• _Exercise details_:
From the material below, pull each line containing the string "pose".

• _Material for the task_:
Lemma pow_mul_between (G : Group) (le : G -> G -> Prop) (h k : G) n :
  bi_invariant le -> total_rel le ->
  (le (natpow h n ** natpow k n) (natpow (h ** k) n) /\
   le (natpow (h ** k) n) (natpow k n ** natpow h n)) \/
  (le (natpow k n ** natpow h n) (natpow (h ** k) n) /\
   le (natpow (h ** k) n) (natpow h n ** natpow k n)).
Proof.
  intros Hbi Htot. destruct (Htot (h ** k) (k ** h)) as [Hhk|Hkh].
  - left. apply pow_mul_sandwich; assumption.
  - right. destruct (pow_mul_sandwich (bi_invariant_flip Hbi) Hkh n). split; assumption.
Qed.

Lemma Z_least_element (P : Z -> Prop) (b a : Z) :
  (forall q, P q -> (b <= q)%Z) -> P a -> exists p, P p /\ forall q, P q -> (p <= q)%Z.
Proof.
  intro Hb. induction a as [a IH] using (well_founded_ind (Zwf_well_founded b)). intro Ha.
  destruct (classic (exists q, P q /\ (q < a)%Z)) as [[q [Hq Hlt]]|Hmin].
  - apply (IH q); [split; [apply Hb|]|]; assumption.
  - exists a. split; [exact Ha|]. intros q Hq.
    destruct (Z_le_gt_dec a q) as [|Hgt]; [assumption|].
    exfalso. apply Hmin. exists q. split; [assumption|lia].
Qed.

Lemma inv_INR_S_lt (eps : R) :
  (0 < eps)%R -> exists N, forall n, (N <= n)%nat -> (/ INR (S n) < eps)%R.
Proof.
  intro He. destruct (archimed_cor1 eps He) as [N [HN HN0]].
  exists N. intros n Hn. apply Rle_lt_trans with (/ INR N)%R; [|exact HN].
  apply Rinv_le_contravar; [apply lt_0_INR; exact HN0 | apply le_INR; lia].
Qed.

Definition quasi_additive (c : nat -> Z) : Prop :=
  forall m n, (c m + c n - 1 <= c (m + n)%nat <= c m + c n)%Z.

Lemma quasi_additive_mul (c : nat -> Z) :
  c 0%nat = 0%Z -> quasi_additive c ->
  forall n m, (Z.of_nat n * c m - Z.of_nat n <= c (n * m)%nat <= Z.of_nat n * c m)%Z.
Proof.
  intros H0 Hq n m. induction n as [|n IH].
  - simpl. rewrite H0. lia.
  - simpl Nat.mul. specialize (Hq m (n * m)%nat). rewrite Nat2Z.inj_succ. lia.
Qed.

Lemma quasi_additive_Cauchy (c : nat -> Z) :
  c 0%nat = 0%Z -> quasi_additive c ->
  Cauchy_crit (fun n => (IZR (c (S n)) / INR (S n))%R).
Proof.
  intros H0 Hq eps He. destruct (@inv_INR_S_lt (eps / 2)%R) as [N HN]; [lra|].
  exists N. intros n m Hn Hm. unfold R_dist.
  pose proof (HN n Hn) as Hn'. pose proof (HN m Hm) as Hm'.
  pose proof (quasi_additive_mul H0 Hq (S m) (S n)) as I1.
  pose proof (quasi_additive_mul H0 Hq (S n) (S m)) as I2.
  rewrite Nat.mul_comm in I2.
  assert (Z1 : (- (Z.of_nat (S n) + Z.of_nat (S m)) <=
                Z.of_nat (S m) * c (S n) - Z.of_nat (S n) * c (S m)
                <= Z.of_nat (S n) + Z.of_nat (S m))%Z) by lia.
  destruct Z1 as [Z1 Z2]. apply IZR_le in Z1, Z2.
  rewrite opp_IZR, plus_IZR, minus_IZR, !mult_IZR, <- !INR_IZR_INZ in Z1.
  rewrite plus_IZR, minus_IZR, !mult_IZR, <- !INR_IZR_INZ in Z2.
  set (a := INR (S n)) in *. set (b := INR (S m)) in *.
  set (A := IZR (c (S n))) in *. set (B := IZR (c (S m))) in *.
  assert (Ha : (a > 0)%R) by (apply lt_0_INR; lia).
  assert (Hb : (b > 0)%R) by (apply lt_0_INR; lia).
  assert (E : (A / a - B / b = (b * A - a * B) * (/ a * / b))%R) by (field; lra).
  assert (E2 : (/ a + / b = (a + b) * (/ a * / b))%R) by (field; lra).
  assert (P : (/ a * / b > 0)%R) by (apply Rmult_lt_0_compat; apply Rinv_0_lt_compat; lra).
  rewrite E, Rabs_mult, (Rabs_pos_eq (/ a * / b)) by lra.
  apply Rle_lt_trans with ((a + b) * (/ a * / b))%R.
  - apply Rmult_le_compat_r; [lra|]. apply Rabs_le. lra.
  - rewrite <- E2. lra.
Qed.

Lemma limit_of_almost_sum (al be de : nat -> Z) (la lb ld : R) :
  (forall n, (be n + de n - 1 <= al n <= be n + de n)%Z) ->
  Un_cv (fun n => IZR (al n) / INR (S n))%R la ->
  Un_cv (fun n => IZR (be n) / INR (S n))%R lb ->
  Un_cv (fun n => IZR (de n) / INR (S n))%R ld -> la = (lb + ld)%R.
Proof.
  intros Hbd Ha Hb Hd. apply UL_sequence with (1 := Ha). intros eps He.
  destruct (Hb (eps / 3)%R) as [N1 H1]; [lra|].
  destruct (Hd (eps / 3)%R) as [N2 H2]; [lra|].
  destruct (@inv_INR_S_lt (eps / 3)%R) as [N3 H3]; [lra|].
  exists (max (max N1 N2) N3). intros n Hn. unfold R_dist in *.
  specialize (H1 n ltac:(lia)). specialize (H2 n ltac:(lia)). specialize (H3 n ltac:(lia)).
  destruct (Hbd n) as [Z1 Z2]. apply IZR_le in Z1, Z2.
  rewrite minus_IZR, plus_IZR in Z1. rewrite plus_IZR in Z2.
  unfold Rdiv in *.
  set (x := (/ INR (S n))%R) in *.
  assert (Hx : (x > 0)%R) by (apply Rinv_0_lt_compat, lt_0_INR; lia).
  set (A := IZR (al n)) in *. set (B := IZR (be n)) in *. set (D := IZR (de n)) in *.
  assert (U1 : (A * x <= B * x + D * x)%R) by nra.
  assert (U2 : (B * x + D * x - x <= A * x)%R) by nra.
  apply Rabs_def2 in H1. apply Rabs_def2 in H2. apply Rabs_def1; lra.
Qed.

Section Dominant.

Variables (G : Group) (le : G -> G -> Prop) (g : G).
Hypotheses (Hbi : bi_invariant le) (Htot : total_rel le) (Hdom : dominant le g).
Implicit Types (h k x y : G) (p q : Z).

Lemma zpow_le_mono p q : (p <= q)%Z -> le (zpow g p) (zpow g q).
Proof.
  intro Hpq. replace q with (p + Z.of_nat (Z.to_nat (q - p)))%Z by lia.
  rewrite zpow_add, zpow_of_nat. rewrite <- (gmul1r _ (zpow g p)) at 1.
  apply (ord_mul_l Hbi), (natpow_ge1 Hbi), (proj1 Hdom).
Qed.

Lemma zpow_le_reflect p q : le (zpow g q) (zpow g p) -> (q <= p)%Z.
Proof.
  intro H. destruct (Z_le_gt_dec q p) as [|Hlt]; [assumption|exfalso].
  destruct Hdom as [Hg [Hne _]].
  apply Hne, (ord_antisym Hbi); [|exact Hg].
  apply (ord_cancel_l Hbi) with (zpow g p). rewrite gmul1r.
  apply (ord_trans Hbi) with (zpow g q); [|exact H].
  replace q with (Z.succ p + Z.of_nat (Z.to_nat (q - p - 1)))%Z by lia.
  rewrite zpow_add, zpow_succ, zpow_of_nat.
  rewrite <- (gmul1r _ (zpow g p ** g)) at 1.
  apply (ord_mul_l Hbi), (natpow_ge1 Hbi), Hg.
Qed.

Definition is_ceil_exp x p : Prop :=
  le x (zpow g p) /\ forall q, le x (zpow g q) -> (p <= q)%Z.

Lemma ceil_exp_exists x : exists p, is_ceil_exp x p.
Proof.
  destruct Hdom as [_ [_ Hcof]].
  destruct (Hcof x) as [n Hn]. destruct (Hcof (ginv x)) as [m Hm].
  assert (Hlow : le (zpow g (- Z.of_nat m)) x).
  { pose proof (ord_mul_r Hbi (ginv (natpow g m)) (ord_mul_l Hbi x Hm)) as H.
    rewrite gmulVr, gmul1l, <- gmulA, gmulVr, gmul1r in H.
    rewrite zpow_neg_nat. exact H. }
  apply (@Z_least_element (fun q => le x (zpow g q)) (- Z.of_nat m)%Z (Z.of_nat n)).
  - intros q Hq. apply zpow_le_reflect, (ord_trans Hbi) with x; assumption.
  - rewrite zpow_of_nat. exact Hn.
Qed.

• _Finished exercise_:
  pose proof (HN n Hn) as Hn'. pose proof (HN m Hm) as Hm'.
  pose proof (quasi_additive_mul H0 Hq (S m) (S n)) as I1.
  pose proof (quasi_additive_mul H0 Hq (S n) (S m)) as I2.
  { pose proof (ord_mul_r Hbi (ginv (natpow g m)) (ord_mul_l Hbi x Hm)) as H.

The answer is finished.